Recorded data
——

(* Let $Q_4$ be the edge graph of the $4$-dimensional hypercube (vertices $\{0,1\}^4$, two vertices adjacent iff they differ in exactly one coordinate). Up to a permutation of the colours (simultaneous permutation of rows and columns of the colour adjacency matrix), the colour adjacency matrices of perfect $2$-colourings of $Q_4$ are exactly the five matrices \[ \begin{pmatrix} 0 & 4 \\ 4 & 0 \end{pmatrix}, \begin{pmatrix} 1 & 3 \\ 1 & 3 \end{pmatrix}, \begin{pmatrix} 1 & 3 \\ 3 & 1 \end{pmatrix}, \begin{pmatrix} 2 & 2 \\ 2 & 2 \end{pmatrix}, \begin{pmatrix} 3 & 1 \\ 1 & 3 \end{pmatrix}, \] and the colour adjacency matrices of perfect $3$-colourings of $Q_4$ are exactly the five matrices \[ \begin{pmatrix} 0 & 0 & 4 \\ 0 & 0 & 4 \\ 1 & 3 & 0 \end{pmatrix}, \begin{pmatrix} 0 & 0 & 4 \\ 0 & 0 & 4 \\ 2 & 2 & 0 \end{pmatrix}, \begin{pmatrix} 0 & 2 & 2 \\ 2 & 0 & 2 \\ 1 & 1 & 2 \end{pmatrix}, \begin{pmatrix} 1 & 1 & 2 \\ 1 & 1 & 2 \\ 1 & 1 & 2 \end{pmatrix}, \begin{pmatrix} 2 & 0 & 2 \\ 0 & 2 & 2 \\ 1 & 1 & 2 \end{pmatrix}. \] In particular each of these matrices is realized by some perfect colouring of $Q_4$.
   Context: An $m$-colouring of a graph $G=(V,E)$ is a partition of $V$ into $m$ disjoint nonempty sets $V_1,\dots,V_m$ (the colours; adjacent vertices may have the same colour). It is perfect if for all $i,j$ every vertex of colour $i$ has the same number $a_{ij}$ of neighbours of colour $j$; the matrix $A=(a_{ij})$ is its colour adjacency matrix. Relabelling colours by a permutation $\sigma$ replaces $A$ by $(a_{\sigma(i)\sigma(j)})$. *)

From mathcomp Require Import all_boot all_order all_algebra all_fingroup.
Set Implicit Arguments. Unset Strict Implicit. Unset Printing Implicit Defensive.

Definition Q4 := {ffun 'I_4 -> bool}.

Definition q4adj (x y : Q4) : bool := #|[set i | x i != y i]| == 1%N.

Definition is_colouring (m : nat) (c : Q4 -> 'I_m) : Prop :=
  forall i : 'I_m, exists v : Q4, c v = i.

Definition perfect_with (m : nat) (c : Q4 -> 'I_m) (A : 'M[nat]_m) : Prop :=
  forall (v : Q4) (j : 'I_m), #|[set w | q4adj v w & c w == j]| = A (c v) j.

Definition is_colour_adj_matrix (m : nat) (A : 'M[nat]_m) : Prop :=
  exists c : Q4 -> 'I_m, is_colouring c /\ perfect_with c A.

Definition relabel (m : nat) (s : 'S_m) (A : 'M[nat]_m) : 'M[nat]_m :=
  \matrix_(i, j) A (s i) (s j).

Definition mx_of_rows (m : nat) (rows : seq (seq nat)) : 'M[nat]_m :=
  \matrix_(i, j) nth 0%N (nth [::] rows i) j.

Definition list2 : seq 'M[nat]_2 :=
  [:: mx_of_rows 2 [:: [:: 0; 4]; [:: 4; 0]];
      mx_of_rows 2 [:: [:: 1; 3]; [:: 1; 3]];
      mx_of_rows 2 [:: [:: 1; 3]; [:: 3; 1]];
      mx_of_rows 2 [:: [:: 2; 2]; [:: 2; 2]];
      mx_of_rows 2 [:: [:: 3; 1]; [:: 1; 3]]]%N.

Definition list3 : seq 'M[nat]_3 :=
  [:: mx_of_rows 3 [:: [:: 0; 0; 4]; [:: 0; 0; 4]; [:: 1; 3; 0]];
      mx_of_rows 3 [:: [:: 0; 0; 4]; [:: 0; 0; 4]; [:: 2; 2; 0]];
      mx_of_rows 3 [:: [:: 0; 2; 2]; [:: 2; 0; 2]; [:: 1; 1; 2]];
      mx_of_rows 3 [:: [:: 1; 1; 2]; [:: 1; 1; 2]; [:: 1; 1; 2]];
      mx_of_rows 3 [:: [:: 2; 0; 2]; [:: 0; 2; 2]; [:: 1; 1; 2]]]%N.

From mathcomp Require Import all_boot all_order all_algebra all_fingroup.
Set Implicit Arguments. Unset Strict Implicit. Unset Printing Implicit Defensive.

(* Fix an enumeration of the 16 vertices of Q4 and record a colouring as the sequence of
   its colours along it. For a perfect colouring this sequence is equitable: any two
   vertices of the same colour have equally many neighbours of each colour, and the
   colour adjacency matrix is read off from these numbers. Conversely every
   equitable sequence using all m colours is a perfect colouring. Equitability can be
   tested on prefixes, on the vertices whose neighbourhoods are already coloured, so a
   pruned depth-first search enumerates all equitable sequences; for m = 2 and m = 3 their
   matrices are, up to relabelling colours, exactly the listed ones, which is checked by
   computation. *)

Section EquitableSequences.

Variable nbrs : seq (seq nat).

Definition nbr_colours (p : seq nat) i := [seq nth 0 p n | n <- nth [::] nbrs i].

Definition nbhd_within k i := (i < k) && all (fun n => n < k) (nth [::] nbrs i).

(* [nth 0] gives uncoloured positions the junk colour 0; the tests below only inspect
   settled vertices, whose neighbours are all coloured. *)
Definition settled k := [seq i <- iota 0 k | nbhd_within k i].

Definition newly_settled k := [seq i <- settled k | ~~ nbhd_within k.-1 i].

Definition equitable_on m (I J : seq nat) p :=
  all (fun i => all (fun j => (nth 0 p i == nth 0 p j) ==>
    all (fun c => count_mem c (nbr_colours p i) == count_mem c (nbr_colours p j)) (iota 0 m))
    J) I.

Definition equitable m p := equitable_on m (settled (size p)) (settled (size p)) p.

(* Pairs of vertices that were both settled before the last colour was appended have
   been tested at an earlier level. *)
Definition extend m k (L : seq (seq nat)) :=
  let S := settled k.+1 in let N := newly_settled k.+1 in
  [seq q <- [seq rcons p c | p <- L, c <- iota 0 m] | equitable_on m N S q].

——

_WHAT THE EXERCISE ASKS_
Copy each line of the data that contains the word "every", leaving the other lines out.

_YOUR RESPONSE_
   Context: An $m$-colouring of a graph $G=(V,E)$ is a partition of $V$ into $m$ disjoint nonempty sets $V_1,\dots,V_m$ (the colours; adjacent vertices may have the same colour). It is perfect if for all $i,j$ every vertex of colour $i$ has the same number $a_{ij}$ of neighbours of colour $j$; the matrix $A=(a_{ij})$ is its colour adjacency matrix. Relabelling colours by a permutation $\sigma$ replaces $A$ by $(a_{\sigma(i)\sigma(j)})$. *)
   colour adjacency matrix is read off from these numbers. Conversely every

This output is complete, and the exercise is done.